Carnegie
I really wasn’t sure what to find in this box. I know a lot of people talked a lot about this game; I think it had a large amount of pandemic-era success via Boardgame Arena. Could it be incredible? Perhaps it’s one of those things that’s better computerized than in analogue format?
Well, I did open the box and I discovered what’s inside: cardboard!
And, for a pandemic-era boardgame, it certainly has nice components. Now, I don’t have the deluxe edition, but the components certainly are nice. The solo-mode cards (that are actually used to some degree for 2- and 3-player games) are wonderfully thick and have a superlative-inducing linen-finish.
The triple-layer player boards are interesting and… nice? Not exceptional but satisfactorily functional.

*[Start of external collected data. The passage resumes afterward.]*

Lemma sumsq_inO H (w : 'cV[Cx]_d) : inO H ->
  \sum_r (H *m w) r ord0 ^+ 2 = \sum_r w r ord0 ^+ 2.
Proof.
move=> OH; have /matrixP/(_ ord0 ord0) : (H *m w)^T *m (H *m w) = w^T *m w.
  by rewrite trmx_mul mulmxA -(mulmxA _ H^T) inO_trmxK // mulmx1.
rewrite [LHS]mxE [RHS]mxE => ww.
rewrite (eq_bigr (fun r => (H *m w)^T ord0 r * (H *m w) r ord0)); last first.
  by move=> r _; rewrite [_^T _ _]mxE expr2.
by rewrite ww; apply: eq_bigr => r _; rewrite [_^T _ _]mxE expr2.
Qed.

Lemma colsq_above_act n H (j : 'I_d) z : inO H -> ulblock n H -> (n <= j)%N ->
  colsq_above j (act H z) = colsq_above j z.
Proof.
move=> OH Hn nj; pose w := col j z.2.
have Mj r : (act H z).2 r j = (H *m w) r ord0.
  rewrite /act /= (mulmx_tr_ulblock _ _ Hn) // !mxE.
  by apply: eq_bigr => k _; rewrite mxE.
have Hw (r : 'I_d) : (j <= r)%N -> (H *m w) r ord0 = w r ord0.
  move=> jr; rewrite mxE -(sum_kronecker_l r (fun k => w k ord0)).
  by apply: eq_bigr => k _; rewrite Hn 1?eq_sym //; apply/orP; left; lia.
have sum_above (F : 'I_d -> Cx) :
    \sum_(r < d | (r < j)%N) F r = \sum_r F r - \sum_(r < d | ~~ (r < j)%N) F r.
  by rewrite [in RHS](bigID (fun r : 'I_d => (r < j)%N)) /= addrK.
rewrite /colsq_above (eq_bigr (fun r => (H *m w) r ord0 ^+ 2)) => [|r _]; last by rewrite Mj.
rewrite sum_above sumsq_inO //.
rewrite (eq_bigr (P := fun r : 'I_d => ~~ (r < j)%N) (fun r => w r ord0 ^+ 2)); last first.
  by move=> r; rewrite -leqNgt => jr; rewrite Hw.
by rewrite -sum_above; apply: eq_bigr => r _; rewrite mxE.
Qed.

End Reduction.

Section ReducedForm.
Variable n : nat.
Local Notation d := n.+1.
Implicit Types (z : Vt d).

Lemma reducedP z : slice d.-1 z ->
  (forall r : 'I_d, (r < d.-1)%N -> z.1 r ord0 = 0) /\
  (forall r j : 'I_d, (r.+1 < j)%N -> z.2 r j = 0).
Proof.
by case=> _ vz Mz; split=> [r rd|r j rj]; [apply: vz => //; lia | apply: Mz => //; lia].
Qed.

Lemma krylov_vec_reduced_eq0 z m (r : 'I_d) : slice d.-1 z -> (r + m < d.-1)%N ->
  krylov_vec m z r ord0 = 0.
Proof.
move=> /reducedP [vz Mz]; elim: m r => [|m IHm] r rm.
  by rewrite /krylov_vec expr0 mul1mx; apply: vz; lia.
rewrite krylov_vecS mxE big1 // => c _.
by case: (ltnP (c + m) d.-1) => cm; [rewrite IHm ?mulr0 | rewrite Mz ?mul0r //; lia].
Qed.
Lemma unital_le_Radj (C : Cls T) (F : Ob T -> Prop) :
  unital_wis C -> fam_le (nabla_u C) F -> cls_le C (Radj F).
Proof.
move=> HC HCF V S HS W f l1 l2 E1 E2 Ne; apply: HCF.
case: (HorbT (fvmap S) (repmap f)) => P [r [q Hpb]].
pose PW : FV T W := {| fvobj := P; fvmap := q |}.
have lift l : fcomp (fvmap S) l = repmap f ->
    exists2 u, fcomp r u = l & fcomp (fvmap PW) u = fid (rep W).
  move=> El; case: Hpb => _ /(_ _ l (fid _)) [|u [[Hr Hq] _]]; last by exists u.
  by rewrite fcomp_idr.
case: (lift _ E1) => u1 R1 Q1; case: (lift _ E2) => u2 R2 Q2.
have [p Hp] : exists p, fv_iso (restrict PW p) (nstarV 2 W).
  by apply: (distinct_sections_nstar2 PW Q1 Q2) => E; apply: Ne; rewrite -R1 -R2 E.
apply: (unital_iso HC Hp); apply: (unital_summand HC (summand_restrict _ _)).
exact: (unital_res HC Hpb HS).
Qed.

Lemma Radj_adjunction (C : Cls T) (F : Ob T -> Prop) :
  unital_wis C -> (fam_le (nabla_u C) F <-> cls_le C (Radj F)).
Proof.
move=> HC; split; first exact: unital_le_Radj.
by move=> H V /H /Radj_nstar2.
Qed.

End RightAdjoint.

Arguments Radj {T} F V S.

Lemma existT_nestedE {I : Type} {J : I -> Type} {P : {i : I & J i} -> Type} i k1 k2 m1 m2 :
  existT P (existT J i k1) m1 = existT P (existT J i k2) m2 <->
  existT (fun k => P (existT J i k)) k1 m1 = existT (fun k => P (existT J i k)) k2 m2.
Proof.
split=> [E|E]; last exact: (f_equal (fun s => existT P (existT J i (projT1 s)) (projT2 s)) E).
have ek := inj_pair2 _ _ _ _ _ (f_equal (@projT1 _ _) E); subst k2.
by rewrite (inj_pair2 _ _ _ _ _ E).
Qed.

Section PullbackCoprod.
Variable T : Cat.
Variables (V W : Ob T) (S : FV T V) (T_ : forall i, FV T (orb S i)) (f : Hom W V).
Variables (Q : FObj T) (r : FHom Q (fvobj S)) (q : FHom Q (rep W)).
Hypothesis HQ : is_pullback (fvmap S) (repmap f) r q.
Variables (Pb : fidx Q -> FObj T)
  (rb : forall b, FHom (Pb b) (fvobj (T_ (projT1 (r b)))))
  (qb : forall b, FHom (Pb b) (rep (fob Q b))).
Hypothesis HPb : forall b,
  is_pullback (fvmap (T_ (projT1 (r b)))) (repmap (projT2 (r b))) (rb b) (qb b).

Definition pb_base : FV T W := {| fvobj := Q; fvmap := q |}.
Definition pb_fibre (b : fidx (fvobj pb_base)) : FV T (orb pb_base b) :=
  {| fvobj := Pb b; fvmap := qb b |}.
Definition pb_coprod_map : FHom (fvobj (coprodV pb_fibre)) (fvobj (coprodV T_)) :=
  fun z => existT _ (existT _ (projT1 (r (tag z))) (projT1 (rb (tag z) (tagged z))))
                    (projT2 (rb (tag z) (tagged z))).

Lemma pb_coprod_square :
  fcomp (coprod_proj T_) pb_coprod_map = fcomp r (coprod_proj pb_fibre).
Proof.
apply: fhom_ext => -[b c]; rewrite !fcompE /=; congr (existT _ _ _).
have := f_equal (fun F => F c) (proj1 (HPb b)); rewrite !fcompE fvmapE /=.
by move/existT_unit_eq; rewrite /orbmap fvmapE.
Qed.

Lemma pb_coprod_comm :
  fcomp (fvmap (coprodV T_)) pb_coprod_map = fcomp (repmap f) (fvmap (coprodV pb_fibre)).
Proof.
by rewrite !coprod_proj_over -!fcompA pb_coprod_square !fcompA (proj1 HQ).
Qed.

Lemma pb_coprod_monic X (u u' : FHom (rep X) (fvobj (coprodV pb_fibre))) :
  fcomp pb_coprod_map u = fcomp pb_coprod_map u' ->
  fcomp (fvmap (coprodV pb_fibre)) u = fcomp (fvmap (coprodV pb_fibre)) u' -> u = u'.
Proof.
move=> E1 E2.
have Eb : fcomp (coprod_proj pb_fibre) u = fcomp (coprod_proj pb_fibre) u'.
  apply: (pullback_monic HQ); first by rewrite !fcompA -pb_coprod_square -!fcompA E1.
  by rewrite !fcompA -(coprod_proj_over pb_fibre).
apply: fhom_rep_ext; move: E1 E2 Eb.
move=> /(f_equal (fun F => F tt)) + /(f_equal (fun F => F tt)) + /(f_equal (fun F => F tt)).
rewrite !fcompE; case: (u tt) => -[b c] h; case: (u' tt) => -[b' c'] h' /= E1 E2 Eb.
have eb : b = b' := f_equal (@projT1 _ _) Eb; subst b'.
have Ev : ((fun _ => existT _ c h) : FHom (rep X) (Pb b)) = (fun _ => existT _ c' h').
  apply: (pullback_monic (HPb b)); apply: fhom_rep_ext; rewrite !fcompE /=.
    by move/existT_nestedE: E1.
  by apply/existT_unit_eq; exact: inj_pair2 _ _ _ _ _ Eb.
move/(f_equal (fun F => F tt)): Ev => /= Ecc.
have ec : c = c' := f_equal (@projT1 _ _) Ecc; subst c'.
by rewrite (inj_pair2 _ _ _ _ _ Ecc).
Qed.

Lemma pb_coprod_lift X (x1 : FHom (rep X) (fvobj (coprodV T_))) (x2 : FHom (rep X) (rep W)) :
  fcomp (fvmap (coprodV T_)) x1 = fcomp (repmap f) x2 ->
  exists u, fcomp pb_coprod_map u = x1 /\ fcomp (fvmap (coprodV pb_fibre)) u = x2.
Proof.
move=> Hx.
have Hy : fcomp (fvmap S) (fcomp (coprod_proj T_) x1) = fcomp (repmap f) x2.
  by rewrite fcompA -coprod_proj_over.
case: (proj2 HQ _ _ _ Hy) => w [[W1 W2] _].
case Ex: (x1 tt) => [[i k] h]; case Ew: (w tt) => [b hb].
have Ey := f_equal (fun F => F tt) W1; rewrite !fcompE Ex Ew /= in Ey.
have ei : projT1 (r b) = i := f_equal (@projT1 _ _) Ey; subst i.
pose z1 : FHom (rep X) (fvobj (T_ (projT1 (r b)))) := fun _ => existT _ k h.
pose z2 : FHom (rep X) (rep (fob Q b)) := fun _ => existT _ tt hb.
have Hz : fcomp (fvmap (T_ (projT1 (r b)))) z1 = fcomp (repmap (projT2 (r b))) z2.
  apply: fhom_rep_ext; rewrite !fcompE fvmapE /=; apply/existT_unit_eq.
  by rewrite (inj_pair2 _ _ _ _ _ Ey).
case: (proj2 (HPb b) _ _ _ Hz) => v [[V1 V2] _].
case Ev: (v tt) => [c hc].
exists (fun _ => existT _ (existT _ b c) hc); split.
- apply: fhom_rep_ext; rewrite fcompE Ex /=; apply/existT_nestedE.
  by have := f_equal (fun F => F tt) V1; rewrite fcompE Ev.
- rewrite coprod_proj_over -W2 -fcompA; congr fcomp; apply: fhom_rep_ext.
  rewrite fcompE Ew /=; congr (existT _ _ _).
  by have := f_equal (fun F => F tt) V2; rewrite fcompE Ev /= => /existT_unit_eq.
Qed.

Lemma pullback_coprod :
  is_pullback (fvmap (coprodV T_)) (repmap f) pb_coprod_map (fvmap (coprodV pb_fibre)).
Proof.
apply: is_pullback_rep; [exact: pb_coprod_comm | exact: pb_coprod_lift | exact: pb_coprod_monic].
Qed.

End PullbackCoprod.

Arguments pullback_coprod {T V W S T_ f Q r q} HQ {Pb rb qb} HPb.

Lemma pullback_sig (T : Cat) : orbital T ->
  forall (A B C : FObj T) (f : FHom A C) (g : FHom B C),
  {P : FObj T & {p1 : FHom P A & {p2 : FHom P B | is_pullback f g p1 p2}}}.
Proof.
move=> HorbT A B C f g.
case/constructive_indefinite_description: (HorbT A B C f g) => P.
case/constructive_indefinite_description => p1 /constructive_indefinite_description [p2 H].
by exists P, p1, p2.
Qed.

Section Join.
Variable T : Cat.
Hypothesis HorbT : orbital T.
Variables (C : Cls T) (F : Ob T -> Prop).
Arguments C : clear implicits.
Hypothesis HC : unital_wis C.
Hypothesis HF : is_family F.

Unset Implicit Arguments.
Inductive join_gen : forall V : Ob T, FV T V -> Prop :=
| join_gen_C V S : C V S -> join_gen V S
| join_gen_L V S : Ladj F V S -> join_gen V S
| join_gen_iso V S S' : join_gen V S -> fv_iso S S' -> join_gen V S'
| join_gen_coprod V S (T_ : forall i, FV T (orb S i)) :
    join_gen V S -> (forall i, join_gen (orb S i) (T_ i)) -> join_gen V (coprodV T_).
Set Implicit Arguments.

Lemma join_gen_summand V (S : FV T V) : join_gen V S -> forall X, summand X S -> join_gen V X.
Proof.
elim=> {V S} [V S HS X HX|V S HS X HX|V S S' _ IH H X HX|V S T_ _ IHS _ IHT X HX].
- by apply: join_gen_C; exact: (unital_summand HC HX HS).
- by apply: join_gen_L; exact: (unital_summand (Ladj_unital HF) HX HS).
- by apply: IH; apply: summand_trans HX _; apply: fv_iso_summand; apply: fv_iso_sym.
- case: (summand_coprod HX) => p0 [p Hiso].
  apply: join_gen_iso (fv_iso_sym Hiso); apply: join_gen_coprod.
    by apply: IHS; apply: summand_restrict.
  by move=> i; apply: IHT; apply: summand_restrict.
Qed.

Lemma join_gen_res V (S : FV T V) : join_gen V S ->
  forall U (f : Hom U V) (P : FObj T) (q : FHom P (rep U)) (r : FHom P (fvobj S)),
    is_pullback (fvmap S) (repmap f) r q -> join_gen U {| fvobj := P; fvmap := q |}.
Proof.
elim=> {V S} [V S HS|V S HS|V S S' _ IH H|V S T_ _ IHS _ IHT] U f P q r Hpb.
- by apply: join_gen_C; exact: (unital_res HC Hpb HS).
- by apply: join_gen_L; exact: (unital_res (Ladj_unital HF) Hpb HS).
- by case: (pullback_along_iso H Hpb) => r' /IH.
- case: (HorbT (fvmap S) (repmap f)) => Q [r' [q' HQ]].
  pose pb b := pullback_sig HorbT (fvmap (T_ (projT1 (r' b)))) (repmap (projT2 (r' b))).
  have HPb b := proj2_sig (projT2 (projT2 (pb b))).
  have Hcop := pullback_coprod HQ HPb.
  apply: join_gen_iso (pullback_fv_iso Hcop Hpb); apply: join_gen_coprod.
    exact: IHS HQ.
  by move=> b; apply: IHT (HPb b).
Qed.

Lemma join_gen_unital : unital_wis join_gen.
Proof.
apply: unital_wis_intro.
- by move=> V X S HXS HS; apply: join_gen_summand HS _ HXS.
- by move=> U V f S P q r Hpb HS; apply: join_gen_res HS _ _ _ _ _ Hpb.
- by move=> V; apply: join_gen_C; apply: unital_star.
- exact: join_gen_coprod.
Qed.

Lemma wis_joinE V (S : FV T V) : wis_join C (EFinf F) V S <-> join_gen V S.
Proof.
split=> [|].
- apply; first by case: join_gen_unital.
    by move=> W X; apply: join_gen_C.
  by move=> W X HX; apply: join_gen_L; rewrite -Ladj_union; right.
- elim=> {V S} [V S HS|V S HS|V S S' _ IH H|V S T_ _ IHS _ IHT] W HW HCW HEW.
  + exact: HCW.
  + have [[Hiso _] _ _] := HW.
    move: HS; rewrite -Ladj_union => -[[HS|HS]|]; last exact: HEW.
      by apply: Hiso (fv_iso_sym HS) _; apply: HCW; apply: unital_empty.
    by apply: Hiso (fv_iso_sym HS) _; apply: HCW; apply: unital_star.
  + by have [[Hiso _] _ _] := HW; apply: Hiso H _; apply: IH.
  + have [_ _ Hcop] := HW; apply: Hcop; first exact: IHS.
    by move=> i; apply: IHT.
Qed.

End Join.

Lemma join_transport (T : Cat) (F F' : Ob T -> Prop) (C : Cls T) :
  orbital T -> atomic T -> is_family F' -> fam_le F F' ->
  unital_wis C -> (forall V, nabla_u C V <-> F V) ->
  [/\ unital_wis (wis_join C (EFinf F')),
      (forall V, nabla_u (wis_join C (EFinf F')) V <-> F' V)
    & forall D : Cls T, unital_wis D -> fam_le F' (nabla_u D) ->
        (cls_le C D <-> cls_le (wis_join C (EFinf F')) D)].
Proof.
move=> HorbT HatT HF' HFF' HC HnC.
have EL : cls_le (EFinf F') (Ladj F') by move=> V S HS; rewrite -Ladj_union; right.
split.
- rewrite (_ : wis_join C (EFinf F') = join_gen T C F'); first exact: join_gen_unital.
  by apply: cls_ext => V S; apply: wis_joinE.
- move=> V; split=> [H2|HV W _ _]; last by apply; split=> //; exists 2; apply: fv_iso_refl.
  apply: Radj_nstar2; apply: H2.
  + by case: (@Radj_unital T F').
  + by apply: unital_le_Radj => // U /HnC /HFF'.
  + by move=> U X /EL; apply: Ladj_le_Radj.
- move=> D HD HFD; split=> [HCD V S HS|HtD V S HS]; last by apply: HtD => W _ HCW _; apply: HCW.
  apply: HS => //; first by case: HD.
  by move=> U X /EL; apply: (proj2 (Ladj_adjunction F' HD) HFD).
Qed.

Theorem mainTheorem18 (T : Cat) (HorbT : orbital T) (HatT : atomic T) :
  (* nabla_u restricts to a map wIndSys^uni -> Fam *)
  (forall C : Cls T, unital_wis C -> is_family (nabla_u C)) /\
  (* left adjoint L(F) = F^0 u E_F F^infty_F *)
  ((forall F, is_family F -> unital_wis (cls_union (@F0 T) (EFinf F))) /\
   (forall F (C : Cls T), is_family F -> unital_wis C ->
      (cls_le (cls_union (@F0 T) (EFinf F)) C <-> fam_le F (nabla_u C))) /\
   (forall F F', is_family F -> is_family F' ->
      cls_le (cls_union (@F0 T) (EFinf F)) (cls_union (@F0 T) (EFinf F')) ->
      fam_le F F')) /\
  (* fully faithful right adjoint *)
  (exists R : (Ob T -> Prop) -> Cls T,
     (forall F, is_family F -> unital_wis (R F)) /\
     (forall (C : Cls T) F, unital_wis C -> is_family F ->
        (fam_le (nabla_u C) F <-> cls_le C (R F))) /\
     (forall F F', is_family F -> is_family F' -> cls_le (R F) (R F') -> fam_le F F')) /\
  (* cocartesian fibration with transport C |-> C v E_F' F^infty_F' *)
  (forall F F' (C : Cls T), is_family F -> is_family F' -> fam_le F F' ->
     unital_wis C -> (forall V, nabla_u C V <-> F V) ->
     let t := wis_join C (EFinf F') in
     [/\ unital_wis t,
         (forall V, nabla_u t V <-> F' V)
       & forall D : Cls T, unital_wis D -> fam_le F' (nabla_u D) ->
           (cls_le C D <-> cls_le t D)]).
Proof.
split; first by move=> C; apply: nabla_u_family.
split.
  split; first by move=> F HF; rewrite Ladj_union; apply: Ladj_unital.
  by split=> [F C _ HC|F F' _ _]; rewrite !Ladj_union; [apply: Ladj_adjunction | apply: Ladj_ff].
split; last by move=> F F' C _ HF' HFF' HC HnC; exact: (join_transport HorbT HatT HF' HFF' HC HnC).
exists Radj; split; first by move=> F _; apply: Radj_unital.
split=> [C F HC _|F F' HF _]; [exact: Radj_adjunction | exact: Radj_ff].
Qed.
(* On [0, 1 - a] the weight e^(-B s) is at least e^(-B). *)
Lemma RInt_mu_bounded a : 0 < a < 1 -> RInt mu a 1 <= N * exp B.
Proof.
  intros Ha.
  assert (I1 := is_RInt_mu_reflect 1 0 (1 - a) ltac:(lra) ltac:(lra)).
  replace (1 - (1 - a)) with a in I1 by ring. replace (1 - 0) with 1 in I1 by ring.
  assert (Hex1 : ex_RInt (fun s => mu (1 - s)) 0 (1 - a)) by (eexists; exact I1).
  assert (Hle : RInt (fun s => exp (- B) * mu (1 - s)) 0 (1 - a)
                <= RInt (fun s => mu (1 - s) * exp (- B * s)) 0 (1 - a)).
  { apply RInt_le; [lra|exact (ex_RInt_scal _ 0 (1 - a) (exp (- B)) Hex1)|
      apply ex_RInt_mu_exp; lra|].
    intros x Hx. rewrite Rmult_comm. apply Rmult_le_compat_l; [apply Rlt_le, mu_pos; lra|].
    apply exp_le. nra. }
  assert (E : RInt (fun s => exp (- B) * mu (1 - s)) 0 (1 - a) = exp (- B) * RInt mu a 1)
    by (rewrite <- (is_RInt_unique _ _ _ _ I1);
        exact (RInt_scal (fun s => mu (1 - s)) 0 (1 - a) (exp (- B)) Hex1)).
  rewrite E in Hle.
  assert (Hinv : exp B * exp (- B) = 1) by (rewrite <- exp_plus, Rplus_opp_r; apply exp_0).
  replace (RInt mu a 1) with (exp B * (exp (- B) * RInt mu a 1))
    by (rewrite <- Rmult_assoc, Hinv; ring).
  rewrite (Rmult_comm N). apply Rmult_le_compat_l; [apply Rlt_le, exp_pos|].
  eapply Rle_trans; [exact Hle|]. apply mu_int. exact Ha.
Qed.

(* a |-> int_a^1 mu increases as a decreases to 0 and is bounded, so the tails
   int_a^b mu near 0 are uniformly small. *)
Lemma RInt_mu_small eta : 0 < eta ->
  exists d, 0 < d < 1 /\ forall a b, 0 < a -> a <= b -> b <= d -> RInt mu a b <= eta.
Proof.
  intros Heta.
  set (E := fun x => exists a, 0 < a < 1 /\ x = RInt mu a 1).
  assert (HEb : bound E) by (exists (N * exp B); intros x [a [Ha ->]]; apply RInt_mu_bounded, Ha).
  assert (HEn : exists x, E x) by (exists (RInt mu (1 / 2) 1), (1 / 2); split; [lra|reflexivity]).
  destruct (completeness E HEb HEn) as [m [Hub Hlub]].
  assert (Hnot : ~ is_upper_bound E (m - eta)) by (intros H; specialize (Hlub _ H); lra).
  apply not_all_ex_not in Hnot. destruct Hnot as [x Hx].
  apply imply_to_and in Hx. destruct Hx as [[a0 [Ha0 ->]] Hx]. apply Rnot_le_lt in Hx.
  exists a0. split; [exact Ha0|]. intros a b Ha Hab Hb.
  assert (C1 : RInt mu a b + RInt mu b 1 = RInt mu a 1)
    by exact (RInt_Chasles mu a b 1 (ex_RInt_mu a b Ha Hab) (ex_RInt_mu b 1 ltac:(lra) ltac:(lra))).
  assert (C2 : RInt mu b a0 + RInt mu a0 1 = RInt mu b 1)
    by exact (RInt_Chasles mu b a0 1 (ex_RInt_mu b a0 ltac:(lra) Hb)
                (ex_RInt_mu a0 1 ltac:(lra) ltac:(lra))).
  assert (P : 0 <= RInt mu b a0).
  { apply RInt_ge_0; [exact Hb|apply ex_RInt_mu; lra|]. intros z Hz. apply Rlt_le, mu_pos. lra. }
  assert (Ha1 : RInt mu a 1 <= m).
  { destruct (Req_dec a 1) as [->|Hne]; [lra|]. apply Hub. exists a. split; [lra|reflexivity]. }
  lra.
Qed.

It took me a while to actually get a solo game started. This game presents you with myriad variables to solve for, without grounding any of them firmly at the outset. For example:
Game: “Here are some cubes. You can gain and spend them to do things.”
Me: “Like what?”
Game: “You can build departments with them. And you can build projects with them, too!”
Me: “Okay, why would I do those things?”
Game: “Well, some departments will give you more opportunities to get more cubes!”
Me: “… Okay. Cyclic, but fair. What else?”
Game: “Well, you could gain some workers!”
Me: “Great. What do those do?”
Game: “You can use them to get more cubes!”
Me: <exhausted noises>
So what the game doesn’t really tell you in the rule book is that the timeline events really should be the crux of how you decide what to do and how to do it. So what does that mean? <exhausted noises> I really can’t say.
So, we’ve gotten this far and I have gleaned from the rulebook how things move, but how do you win? Victory points (the chief export of the US during the 19th century, probably) So do cubes and workers give you victory points? “No” and “sort of”, respectively. No, the majority of your victory points will come from the projects you build and the donations you make. Oh, and maybe the departments you build and the transportation you develop.
So… it’s a point salad? Yes. At the beginning of your Carnegie journey, the point salad is so opaque that is effectively a black box mechanism: turns go in one end and are transmuted into a small amount of victory points.
I think further plays will uncover increasingly more of the mysterious black box, but now I find myself in a conundrum: do I want to continue to explore this game as a solo experience and risk setting myself up to completely trounce any friends/family that sit down around a table with me in the future? I dunno. But I think I’m at least going to play a second game, this time focusing differently, and trying to get a knack for the sequence of actions that I should be doing.
Because at the end of the game, I came to appreciate that, like so many other great games, I felt torn between doing 2 or 3 different actions; each of them seemingly the best choice, but sacrificing the true potential of that action for not having completed a different action first.
There’s definitely a game here; and it appears to be clever, once you get past the multivariable algebra.